Chew on This!, organized by the Dignity for All Campaign, is a joint venture of Citizens for Public Justice (CPJ) and Canada Without Poverty. It calls for a comprehensive plan based on human rights that will be fully funded in the next federal budget.

“Canada needs to develop at all levels a plan to address poverty,” said CPJ executive director Joe Gunn. The campaign included handing out 22,000 lunch bags across the country containing a snack such as an apple, a magnet and a postcard saying “We Need a Plan to end poverty, food insecurity, and homelessness in Canada.”

Gunn and a team from CPJ were on Parliament Hill handing out lunch bags and encouraging passers-by to mail the postcard to Minister of Families, Children and Social Development Jean-Yves Duclos.

The event coincided with the CPJ’s annual October report of Canada’s poverty levels in “Poverty Trends 2017.”

The latest Statistics Canada figures from 2015 show one in seven Canadians, or 4.8 million people, live in poverty.

“It allows people to have a snapshot in mind of what poverty looks like when handing out a postcard or an apple,” Gunn said.

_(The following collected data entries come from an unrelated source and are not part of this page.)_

(* There exists a universal constant $c>0$ such that the following holds. Let $k$ and $n$ be positive integers with $k>n$. For every $\mathbf{y}=y_1\ldots y_k\in\{0,1\}^k$, let $\rho(\mathbf{y})$ be an $n$-qubit density matrix. Suppose there exist Hermitian operators $O_1,\ldots,O_k$ on $n$ qubits, real numbers $\alpha_1,\ldots,\alpha_k$ and $\gamma>0$ such that for all $\mathbf{y}\in\{0,1\}^k$ and all $i\in\{1,\ldots,k\}$: (i) if $y_i=0$ then $\operatorname{Tr}[\rho(\mathbf{y})O_i]\le \alpha_i-\gamma$, and (ii) if $y_i=1$ then $\operatorname{Tr}[\rho(\mathbf{y})O_i]\ge \alpha_i+\gamma$. Let $\|O\|_\infty:=\max_i\|O_i\|_\infty$. Then $n\,\|O\|_\infty^2/\gamma^2\ \ge\ c\,k$, i.e. $n\|O\|_\infty^2/\gamma^2\in\Omega(k)$.
   Context: $\|A\|_\infty$ denotes the spectral norm (largest absolute eigenvalue) of a Hermitian operator $A$. An $n$-qubit density matrix is a positive semidefinite, unit-trace operator on $(\mathbb{C}^2)^{\otimes n}$. *)

From HB Require Import structures.
From mathcomp Require Import all_boot all_order all_algebra.
From mathcomp Require Import complex.
From mathcomp Require Import reals.
Set Implicit Arguments. Unset Strict Implicit. Unset Printing Implicit Defensive.
Import Order.TTheory GRing.Theory Num.Theory.
Local Open Scope ring_scope.
Local Open Scope complex_scope.

Definition adjmx (R : realType) (m n : nat) (A : 'M[R[i]]_(m, n))
  : 'M[R[i]]_(n, m) := (map_mx Num.conj A)^T.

Most people in Canada think of poverty in terms of the “urban poor man sleeping homeless on the streets,” Gunn said. “The report points out most poor people are actually working,” but at “precarious jobs,” with few hours, no benefits and no protections.

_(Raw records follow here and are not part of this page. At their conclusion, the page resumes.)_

(* Let $(\mathcal{F},w,s)$ be a balanced system on $n$ elements, with $\mathcal{F}=(F_1,\dots,F_m)$, and let $G=(V,E)$ be a directed graph. Let $f$ be the partitioning produced by the BISP algorithm with this system: (i) for every vertex $v$ choose $l(v)\in[m]$ independently with $\mathbb{P}(l(v)=i)=w_i$; (ii) for every edge $(v,u)\in E$ choose $f(v,u)\in[n]$ independently with $\mathbb{P}(f(v,u)=p)=s_{l(v)l(u)p}$. Suppose $|V|\to\infty$, $|E|/|V|\to\infty$ and $n=o\big((|E|/|V|)^{1/2}\big)$. Then for every $\varepsilon>0$, $\mathbb{P}(\mathrm{ib}(f)\le 1+\varepsilon)\to1$.
   Context: A system on $n$ elements is a triple $(\mathcal{F},w,s)$ where $\mathcal{F}=(F_1,\dots,F_m)$ is a collection of subsets of $[n]$, $w\in[0,1]^m$ with $\sum_i w_i=1$, and $s\in[0,1]^{m\times m\times n}$ with $\sum_p s_{ijp}=1$ for all $i,j$. It is balanced if for all $p\in[n]$, $\sum_{i=1}^m\sum_{j=1}^m w_iw_js_{ijp}=1/n$. A graph partitioning of $G=(V,E)$ into the $n$ partitions $[n]$ is a function $f:E\to[n]$; its imbalance is $\mathrm{ib}(f)=\dfrac{\max_{l\in[n]}|\{e\in E: f(e)=l\}|}{|E|/n}$. *)

From HB Require Import structures.
From mathcomp Require Import all_boot all_order all_algebra.
From mathcomp Require Import all_classical all_reals all_analysis.
Set Implicit Arguments. Unset Strict Implicit. Unset Printing Implicit Defensive.
Import Order.TTheory GRing.Theory Num.Theory.
Local Open Scope ring_scope.

Definition edge_t (V : finType) (E : {set V * V}) : finType :=
  {e : V * V | e \in E}.

Definition is_system (R : realFieldType) (n m : nat)
  (F : 'I_m -> {set 'I_n}) (w : 'I_m -> R) (s : 'I_m -> 'I_m -> 'I_n -> R) : Prop :=
  (forall i, 0 <= w i <= 1) /\ (\sum_(i < m) w i = 1) /\
  (forall i j p, 0 <= s i j p <= 1) /\ (forall i j, \sum_(p < n) s i j p = 1).

Definition balanced (R : realFieldType) (n m : nat)
  (w : 'I_m -> R) (s : 'I_m -> 'I_m -> 'I_n -> R) : Prop :=
  forall p : 'I_n, \sum_(i < m) \sum_(j < m) w i * w j * s i j p = (n%:R)^-1.

Definition ib (R : realFieldType) (V : finType) (E : {set V * V}) (n : nat)
  (f : {ffun edge_t E -> 'I_n}) : R :=
  (\max_(l < n) #|[set e | f e == l]|)%N%:R / (#|E|%:R / n%:R).

(* Probability that the BISP partitioning f satisfies A:
   l : V -> [m] drawn with P(l v = i) = w i independently,
   then f(v,u) drawn independently with P(f(v,u) = p) = s (l v) (l u) p. *)
Definition bisp_prob (R : realFieldType) (V : finType) (E : {set V * V})
  (n m : nat) (w : 'I_m -> R) (s : 'I_m -> 'I_m -> 'I_n -> R)
  (A : pred {ffun edge_t E -> 'I_n}) : R :=
  \sum_(l : {ffun V -> 'I_m})
     (\prod_(v : V) w (l v)) *
     \sum_(f : {ffun edge_t E -> 'I_n} | A f)
        \prod_(e : edge_t E) s (l (val e).1) (l (val e).2) (f e).

(* Chebyshev's inequality, part by part.  Let Y_p count the non-loop edges
   sent to part p.  The two endpoints of a non-loop edge are labelled
   independently, so by balance the edge lands in p with probability
   sum_ij w_i w_j s_ijp = 1/n; two edges without a common endpoint land
   there jointly with probability 1/n^2.  An edge shares an endpoint with
   at most 4|V| edges, hence Var Y_p <= 4|V||E|/n.  There are at most |V|
   loops, so ib(f) > 1 + eps forces Y_p >= E[Y_p] + eps|E|/(2n) for some p
   once 2n^2|V| <= eps|E|, and a union bound over the n parts gives
   P(ib(f) > 1 + eps) <= 16 n^2 |V| / (eps^2 |E|) -> 0. *)
From HB Require Import structures.
From mathcomp Require Import all_boot all_order all_algebra.
From mathcomp Require Import all_classical all_reals all_analysis.
From mathcomp Require Import ring lra.
Import Order.TTheory GRing.Theory Num.Theory.
Import numFieldNormedType.Exports.
Local Open Scope ring_scope.
Set Implicit Arguments. Unset Strict Implicit. Unset Printing Implicit Defensive.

“Certainly anyone working full-time in all provinces of Canada but one on minimum wage would be counted as living in poverty,” Gunn said.

The CPJ report showed 70 per cent of those living in poverty are working poor.  “Youth 15-24 and women are over-represented in precarious work, along with racialized people, Indigenous people, immigrants, people with disabilities, and older, working-age adults,” the report says.

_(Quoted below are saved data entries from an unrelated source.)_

(* Let mu be the r-th smallest eigenvalue of A.  Polynomials in A interpolating
   indicator functions on the spectrum are the orthogonal projections onto the
   eigenvalues below mu and equal to mu; adding to the first one the projection
   onto a suitable subspace of the mu-eigenspace yields a rank-r orthogonal
   projection P with tr(AP) = lam_(n-r+1) + ... + lam_n.  Now
   tr(AP) = sum_ij a_ij p_ij, and as 0 <= a_ij <= 1 off the diagonal while
   a_ii, p_ii >= 0, each term is at least (p_ij - |p_ij|)/2.  Since
   sum_ij p_ij = |P 1|^2 >= 0, this gives tr(AP) >= -(sum_ij |p_ij|)/2, which is
   at least -beta_r n / 2 by definition of beta_r. *)

Lemma mxtrace_pid_mx (F : fieldType) n k :
  (k <= n)%N -> \tr (pid_mx k : 'M[F]_n) = k%:R.
Proof.
move=> le_kn; rewrite /mxtrace.
rewrite (eq_bigr (fun i : 'I_n => if (i < k)%N then 1 else 0)) => [|i _]; last first.
  by rewrite mxE eqxx; case: ifP.
by rewrite -big_mkcond -(big_ord_widen n (fun _ => 1 : F) le_kn) sumr_const card_ord.
Qed.

Lemma mxtrace_idem (F : fieldType) n (P : 'M[F]_n) :
  P *m P = P -> \tr P = (\rank P)%:R.
Proof.
move=> PP; have EP := mulmx_ebase P.
set L := col_ebase P in EP *; set U := row_ebase P in EP *.
have Lu : L \in unitmx := col_ebase_unit P.
have Uu : U \in unitmx := row_ebase_unit P.
have le_rn : (\rank P <= n)%N := rank_leq_col P.
set k := \rank P in EP le_rn *.
(* Idempotence of [P = L D U] with [D = pid_mx k] gives [D (U L) D = D]. *)
have DULD : pid_mx k *m (U *m L) *m pid_mx k = pid_mx k :> 'M_n.
  have : L *m (pid_mx k *m (U *m L) *m pid_mx k) *m U = L *m pid_mx k *m U
    by rewrite EP -{1}PP -EP !mulmxA.
  move=> /(congr1 (mulmx^~ (invmx U))); rewrite !mulmxK //.
  by move=> /(congr1 (mulmx (invmx L))); rewrite !mulKmx.
rewrite -EP -mulmxA mxtrace_mulC -mulmxA -{1}(pid_mx_id _ _ _ le_rn) -mulmxA.
by rewrite mxtrace_mulC DULD mxtrace_pid_mx.
Qed.

Lemma mulmx_trmx_self_eq0 (R : realDomainType) m n (Y : 'M[R]_(m, n)) :
  Y *m Y^T = 0 -> Y = 0.
Proof.
move=> /matrixP YYT; apply/matrixP => i j; rewrite mxE.
have /eqP := YYT i i; rewrite !mxE psumr_eq0 => [/allP/(_ j (mem_index_enum _))|k _].
  by rewrite mxE -expr2 sqrf_eq0 => /eqP.
by rewrite mxE -expr2 sqr_ge0.
Qed.

Lemma row_free_gram_unit (R : realFieldType) m n (B : 'M[R]_(m, n)) :
  row_free B -> B *m B^T \in unitmx.
Proof.
move=> Bfree; rewrite -row_free_unit -kermx_eq0.
set K := kermx _; have KBBT : K *m (B *m B^T) = 0 := mulmx_ker _.
have KB : K *m B = 0.
  by apply: mulmx_trmx_self_eq0; rewrite trmx_mul mulmxA -(mulmxA K) KBBT mul0mx.
by rewrite -(mulmx_free_eq0 _ Bfree) KB.
Qed.

Definition row_proj (R : realFieldType) m n (B : 'M[R]_(m, n)) : 'M[R]_n :=
  B^T *m invmx (B *m B^T) *m B.

Section RowProj.
Variables (R : realFieldType) (m n : nat) (B : 'M[R]_(m, n)).

Lemma row_projT : (row_proj B)^T = row_proj B.
Proof. by rewrite !trmx_mul trmxK trmx_inv trmx_mul trmxK mulmxA. Qed.

Lemma mulmx_row_proj_eq0 p (M : 'M[R]_(p, n)) : M *m B^T = 0 -> M *m row_proj B = 0.
Proof. by rewrite /row_proj !mulmxA => ->; rewrite !mul0mx. Qed.

Lemma row_proj_mulmx_eq0 p (M : 'M[R]_(n, p)) : B *m M = 0 -> row_proj B *m M = 0.
Proof. by rewrite /row_proj -mulmxA => ->; rewrite mulmx0. Qed.

Hypothesis Bfree : row_free B.

Lemma row_proj_idem : row_proj B *m row_proj B = row_proj B.
Proof.
rewrite /row_proj !mulmxA -(mulmxA _ B B^T) -(mulmxA _ (B *m B^T)).
by rewrite mulmxV ?row_free_gram_unit // mulmx1.
Qed.

Lemma mxtrace_row_proj : \tr (row_proj B) = m%:R.
Proof. by rewrite mxtrace_mulC mulmxA mulmxV ?row_free_gram_unit // mxtrace1. Qed.

Lemma mxtrace_mul_row_proj_eigen (A : 'M[R]_n) (mu : R) :
  B *m A = mu *: B -> \tr (A *m row_proj B) = mu * m%:R.
Proof.
move=> BA; rewrite mxtrace_mulC -mulmxA BA -scalemxAr -/(row_proj B).
by rewrite mxtraceZ mxtrace_row_proj.
Qed.

End RowProj.

Lemma is_proj_rank_add (R : realType) n k l (P Q : 'M[R]_n) :
  is_proj_rank k P -> is_proj_rank l Q -> P *m Q = 0 -> Q *m P = 0 ->
  is_proj_rank (k + l) (P + Q).
Proof.
move=> [PP [PT <-]] [QQ [QT <-]] PQ QP.
have PQPQ : (P + Q) *m (P + Q) = P + Q.
  by rewrite mulmxDr !mulmxDl PP QQ PQ QP addr0 add0r.
split=> //; split; first by rewrite linearD /= PT QT.
apply/eqP; rewrite -(eqr_nat R) -mxtrace_idem // mxtraceD.
by rewrite (mxtrace_idem PP) (mxtrace_idem QQ) natrD.
Qed.

Lemma row_proj_is_proj (R : realType) m n (B : 'M[R]_(m, n)) :
  row_free B -> is_proj_rank m (row_proj B).
Proof.
move=> Bfree; split; first exact: row_proj_idem.
split; first exact: row_projT.
apply/eqP; rewrite -(eqr_nat R) -mxtrace_idem ?row_proj_idem //.
by rewrite mxtrace_row_proj.
Qed.

Lemma sum_entries_sym_idem_ge0 (R : realFieldType) n (P : 'M[R]_n) :
  P^T = P -> P *m P = P -> 0 <= \sum_i \sum_j P i j.
Proof.
move=> PT PP; have sym i j : P j i = P i j by rewrite -{1}PT mxE.
(* [1^T P 1 = 1^T P^T P 1] is the squared norm of [P 1]. *)
suff -> : \sum_i \sum_j P i j = \sum_k (\sum_i P k i) ^+ 2.
  by apply: sumr_ge0 => k _; exact: sqr_ge0.
transitivity (\sum_i \sum_j \sum_k P i k * P k j).
  by apply: eq_bigr => i _; apply: eq_bigr => j _; rewrite -{1}PP mxE.
rewrite (eq_bigr _ (fun i _ => exchange_big _ _ _ _ _ _)) exchange_big /=.
apply: eq_bigr => k _; rewrite expr2 mulr_suml; apply: eq_bigr => i _.
by rewrite mulr_sumr sym.
Qed.

Lemma mxtrace_mul_sym_idem_ge (R : realFieldType) n (A P : 'M[R]_n) :
  (forall i j : 'I_n, i != j -> 0 <= A i j <= 1) -> (forall i, 0 <= A i i) ->
  P^T = P -> P *m P = P ->
  - (\sum_i \sum_j `|P i j|) / 2 <= \tr (A *m P).
Proof.
move=> Aoff Adiag PT PP; have sym i j : P j i = P i j by rewrite -{1}PT mxE.
have Pdiag i : 0 <= P i i.
  by rewrite -PP mxE; apply: sumr_ge0 => k _; rewrite sym -expr2 sqr_ge0.
have entry i j : (P i j - `|P i j|) / 2 <= A i j * P i j.
  have [<-|/Aoff/andP[A0 A1]] := eqVneq i j.
    by rewrite ger0_norm // subrr mul0r mulr_ge0.
  have [P0|P0] := lerP 0 (P i j); first by rewrite ger0_norm // subrr mul0r mulr_ge0.
  rewrite ltr0_norm //; nra.
have -> : \tr (A *m P) = \sum_i \sum_j A i j * P i j.
  by apply: eq_bigr => i _; rewrite mxE; apply: eq_bigr => j _; rewrite sym.
apply: le_trans (ler_sum _ (fun i _ => ler_sum _ (fun j _ => entry i j))).
have -> : \sum_i \sum_j (P i j - `|P i j|) / 2
          = ((\sum_i \sum_j P i j) - \sum_i \sum_j `|P i j|) / 2.
  by rewrite -sumrB mulr_suml; apply: eq_bigr => i _; rewrite -sumrB mulr_suml.
have := sum_entries_sym_idem_ge0 PT PP; lra.
Qed.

The report noted the desperate need for safe water and housing in some Indigenous communities, as well as the high rates of food insecurity, especially in the North. In Nunavut, 46.8 per cent of the predominantly Inuit population experiences food insecurity, it said.

Twenty-three per cent of people with disabilities aged 25-64 live in poverty, the report showed. Refugees and refugee claimants are also vulnerable to poverty once sponsorship and government supports end.

“Chew On This! provides an opportunity to reflect on poverty issues in Kingston and across Canada,” said Tara Kainer of the Sisters of Providence of St. Vincent de Paul’s Justice, Peace and Integrity of Creation Office in a release.  The Sisters of Providence in Kingston, Ont., joined groups from Vancouver to Yellowknife to St. John’s in the campaign to “raise awareness about poverty’s impact on health, income and food insecurity, precarious jobs and unemployment, as well as the lack of affordable housing and the need for quality early childhood care and education,” Rainer said.